Currently, only Dagger modules with no required constructor arguments are supported when exposing an MCP server outside Dagger.
Connect to external MCP servers from Dagger
Support for connecting to external MCP servers from Dagger is coming soon.
Prompt mode
Dagger Shell lets you interact with the attached LLM using natural language commands. Each input builds upon previous interactions, creating a prompt chain that lets you execute complex workflows without needing to know the exact syntax of the underlying Dagger API.
"Prompt mode" can be accessed at any time in the Dagger Shell by typing >
. Here's an example:
source=$(container | from node | with-mounted-directory /src https://github.com/dagger/hello-dagger | with-workdir /src)
You have a container with source code in /src. Describe the source code.
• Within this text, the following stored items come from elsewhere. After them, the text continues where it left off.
Lemma mup_lcm_family_le_expr_cong1 M zeta N (h : nat -> 'I_M -> nat) b k :
  M.-primitive_root zeta -> k = 1 %[mod M] ->
  (mup b (lcm_family zeta N h) <= mup (b ^+ k) (lcm_family zeta N h))%N.
Proof.
move=> prim_zeta k_cong1; have zeta0 := prim_root_neq0 prim_zeta.
rewrite !(mup_lcm_family _ _ _ _ zeta0); apply/bigmax_leqP_seq => m m_in _.
apply: (bigmaxn_sup_seq _ m_in isT); apply/bigmax_leqP => j _.
apply: (bigmax_sup j isT); case: eqP => [zjb|_]; last exact: leq0n.
rewrite ifT //.
(* [b ^+ m] is an [M]-th root of unity, on which [k = 1 %[mod M]] acts trivially. *)
have zjM : (zeta ^+ j) ^+ M = 1.
  by rewrite -exprM mulnC exprM (prim_expr_order prim_zeta) expr1n.
have bmM : (b ^+ m) ^+ M = 1.
  by move: (congr1 (fun x => x ^+ M) zjb); rewrite exprMn zjM mul1r expr1n.
by rewrite -exprM mulnC exprM -(expr_mod _ bmM) k_cong1 expr_mod // zjb.
Qed.

Lemma exists_bounded_witness (T : eqType) (s : seq T) (P : T -> nat -> Prop) :
  (forall x, x \in s -> exists n, P x n) ->
  exists N, forall x, x \in s -> exists2 n, (n <= N)%N & P x n.
Proof.
elim: s => [|y s IHs] Ps; first by exists 0%N.
have [N HN] := IHs (fun x xs => Ps x (mem_behead (s := y :: s) xs)).
have [n Pyn] := Ps y (mem_head y s).
exists (maxn n N) => x; rewrite inE => /predU1P[-> | xs]; first by exists n; rewrite ?leq_maxl.
by have [k kN Pxk] := HN x xs; exists k; rewrite // (leq_trans kN) ?leq_maxr.
Qed.

Lemma exists_lcm_family M zeta (f : {poly C}) :
  M.-primitive_root zeta -> f != 0 -> f.[0] != 0 ->
  (forall k, (1 <= k)%N -> k = 1 %[mod M] -> f %| f \Po 'X^k) ->
  exists (h : nat -> 'I_M -> nat) (N : nat),
    (forall m j, (N < m)%N -> h m j = 0%N) /\
    exists c : C, c != 0 /\ f = c *: lcm_family zeta N h.
Proof.
move=> prim_zeta f0 f00 dvdp_comp; have zeta0 := prim_root_neq0 prim_zeta.
have [rs def_f] := closed_field_poly_normal f.
have root_f a : root f a = (a \in rs).
  by rewrite def_f rootZ ?lead_coef_eq0 // root_prod_XsubC.
have [N fibers] : exists N, forall a, a \in rs ->
    exists2 m, (m <= N)%N & (0 < m)%N /\ exists j, minimal_on_fiber M zeta f m j a.
  by apply: exists_bounded_witness => a; rewrite -root_f; apply: exists_minimal_fiber.
pose h m j := if (m <= N)%N then
  (\max_(a <- rs | `[< minimal_on_fiber M zeta f m j a >]) mup a f)%N else 0%N.
exists h, N; split=> [m j lt_Nm | ]; first by rewrite /h leqNgt lt_Nm.
have L0 : lcm_family zeta N h != 0 by apply: lcm_family_neq0.
have mup_f b : mup b f = mup b (lcm_family zeta N h).
  apply/eqP; rewrite eqn_leq (mup_lcm_family _ _ _ _ zeta0); apply/andP; split; last first.
    apply/bigmax_leqP_seq => m _ _; apply/bigmax_leqP => j _.
    have [zjb|] := eqVneq (zeta ^+ j * b ^+ m) 1; last by [].
    rewrite /h; case: ifP => // _.
    by apply/bigmax_leqP_seq => a _ /asboolP[_ min_a]; apply: min_a.
  have [fb|/mupNroot-> //] := boolP (root f b).
  have [m le_mN [m_gt0 [j [zjb min_b]]]] := fibers b (etrans (esym (root_f b)) fb).
  have m_in : m \in index_iota 1 N.+1 by rewrite mem_index_iota m_gt0 ltnS.
  apply: (bigmaxn_sup_seq _ m_in isT); apply: (bigmax_sup j isT).
  rewrite zjb eqxx /h le_mN.
  by apply: leq_bigmax_seq; [rewrite -root_f | apply/asboolP].
have := eqp_mup _ _ f0 L0 mup_f.
case/eqpP => [[c1 c2] /andP[c10 c20] /= eq_c].
exists (c1^-1 * c2); split; first by rewrite mulf_neq0 ?invr_eq0.
by rewrite -scalerA -eq_c scalerA mulVf // scale1r.
Qed.

Theorem lemma2 (M : nat) (zeta : C) (f : {poly C}) :
  (1 <= M)%N -> M.-primitive_root zeta ->
  f \is monic -> f.[0] != 0 ->
  ((forall k : nat, (1 <= k)%N -> k = 1 %[mod M] -> f %| f \Po 'X^k) <->
   exists (h : nat -> 'I_M -> nat) (N : nat),
     (forall (m : nat) (j : 'I_M), (N < m)%N -> h m j = 0%N) /\
     exists c : C, c != 0 /\ f = c *: lcm_family zeta N h).
Proof.
move=> _ prim_zeta /monic_neq0 f0 f00; split; first exact: exists_lcm_family.
move=> [h [N [_ [c [c0 def_f]]]]] k k_gt0 k_cong1.
have mup_f a : mup a f = mup a (lcm_family zeta N h) by rewrite def_f mupZ.
apply: (dvdp_comp_Xn_mup _ _ f0 f00 k_gt0) => a; rewrite !mup_f.
exact: mup_lcm_family_le_expr_cong1.
Qed.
Does the application have unit tests?
Find all the unit tests. Deduce what the application does. Describe it in one paragraph.
Supported models
Dagger supports a wide range of popular language models, including those from OpenAI, Anthropic and Google. Dagger can access these models either through their respective cloud-based APIs or using local providers like Docker Model Runner or Ollama.
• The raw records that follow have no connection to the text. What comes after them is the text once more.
(* Let $\ket\Psi_{ABC}=\ket{\psi_1}_{A_1B_1}\otimes\ket{\psi_2}_{A_2C_1}\otimes\ket{\psi_3}_{B_2C_2}$ with $\mathcal H_A=\mathcal H_{A_1}\otimes\mathcal H_{A_2}$, $\mathcal H_B=\mathcal H_{B_1}\otimes\mathcal H_{B_2}$, $\mathcal H_C=\mathcal H_{C_1}\otimes\mathcal H_{C_2}$ and $\ket{\psi_i}$ unit vectors. Then for every integer $n\ge2$, $Z_n(A:B:C)_{\ket\Psi}>0$ and $$G_n(A:B:C)_{\ket\Psi}=\tfrac12\big(S_n(A)+S_n(B)+S_n(C)\big),$$ where $S_n(X)=\frac{1}{1-n}\log\operatorname{tr}\rho_X^n$ is the Rényi-$n$ entropy of the reduced state of $\ket\Psi$ on $X$. In particular $G(A:B:C)_{\ket\Psi}=\tfrac12(S_2(A)+S_2(B)+S_2(C))$.
   Context: For a subsystem $X$ and $\pi\in S_N$, $\pi_X$ permutes the $N$ copies of $\mathcal H_X$ according to $\pi$ and acts trivially otherwise. For integer $n\ge2$, arrange $1,\dots,n^2$ in an $n\times n$ array row by row; $\pi^{(1)}\in S_{n^2}$ is the product of the $n$ cycles $(kn+1,\dots,kn+n)$, $k=0,\dots,n-1$ (cycling each row), and $\pi^{(2)}\in S_{n^2}$ is the product of the $n$ cycles $(j,n+j,\dots,(n-1)n+j)$, $j=1,\dots,n$ (cycling each column). $Z_n(A:B:C)_{\ket\Psi}=\bra\Psi^{\otimes n^2}(\pi^{(1)}_A\otimes\pi^{(2)}_B\otimes\mathrm{id}_C)\ket\Psi^{\otimes n^2}$ and, when $Z_n>0$, $G_n(A:B:C)_{\ket\Psi}=\frac{1}{n(1-n)}\log Z_n(A:B:C)_{\ket\Psi}$. For $n=2$, $G_2=G$ where $G(A:B:C)=-\tfrac12\log\bra\Psi^{\otimes4}((12)(34)_A\otimes(13)(24)_B\otimes(14)(23)_C)\ket\Psi^{\otimes4}$. *)

From HB Require Import structures.
From mathcomp Require Import all_boot all_order all_algebra all_fingroup all_reals.
From mathcomp Require Import exp complex.
Set Implicit Arguments. Unset Strict Implicit. Unset Printing Implicit Defensive.
Import GRing.Theory Num.Theory.
Local Open Scope ring_scope.

Section QDefs.
Variable R : realType.
Local Notation C := R[i].

(* A pure state of ABC is a vector Psi : A * B * C -> C (computational basis). *)

(* |Psi>^{\otimes N}, copies indexed by the finite type I (#|I| = N). *)
Definition tpow (T I : finType) (Psi : T -> C) : {ffun I -> T} -> C :=
  fun x => \prod_k Psi (x k).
Dagger uses your system's standard environment variables to route LLM requests. Dagger will look for these variables in your environment, or in a .env
file in the current directory. Learn more about configuring LLM endpoints in Dagger.
Observability
Dagger provides end-to-end tracing of prompts, tool calls, and even low-level system operations. All agent state changes are observable in real time.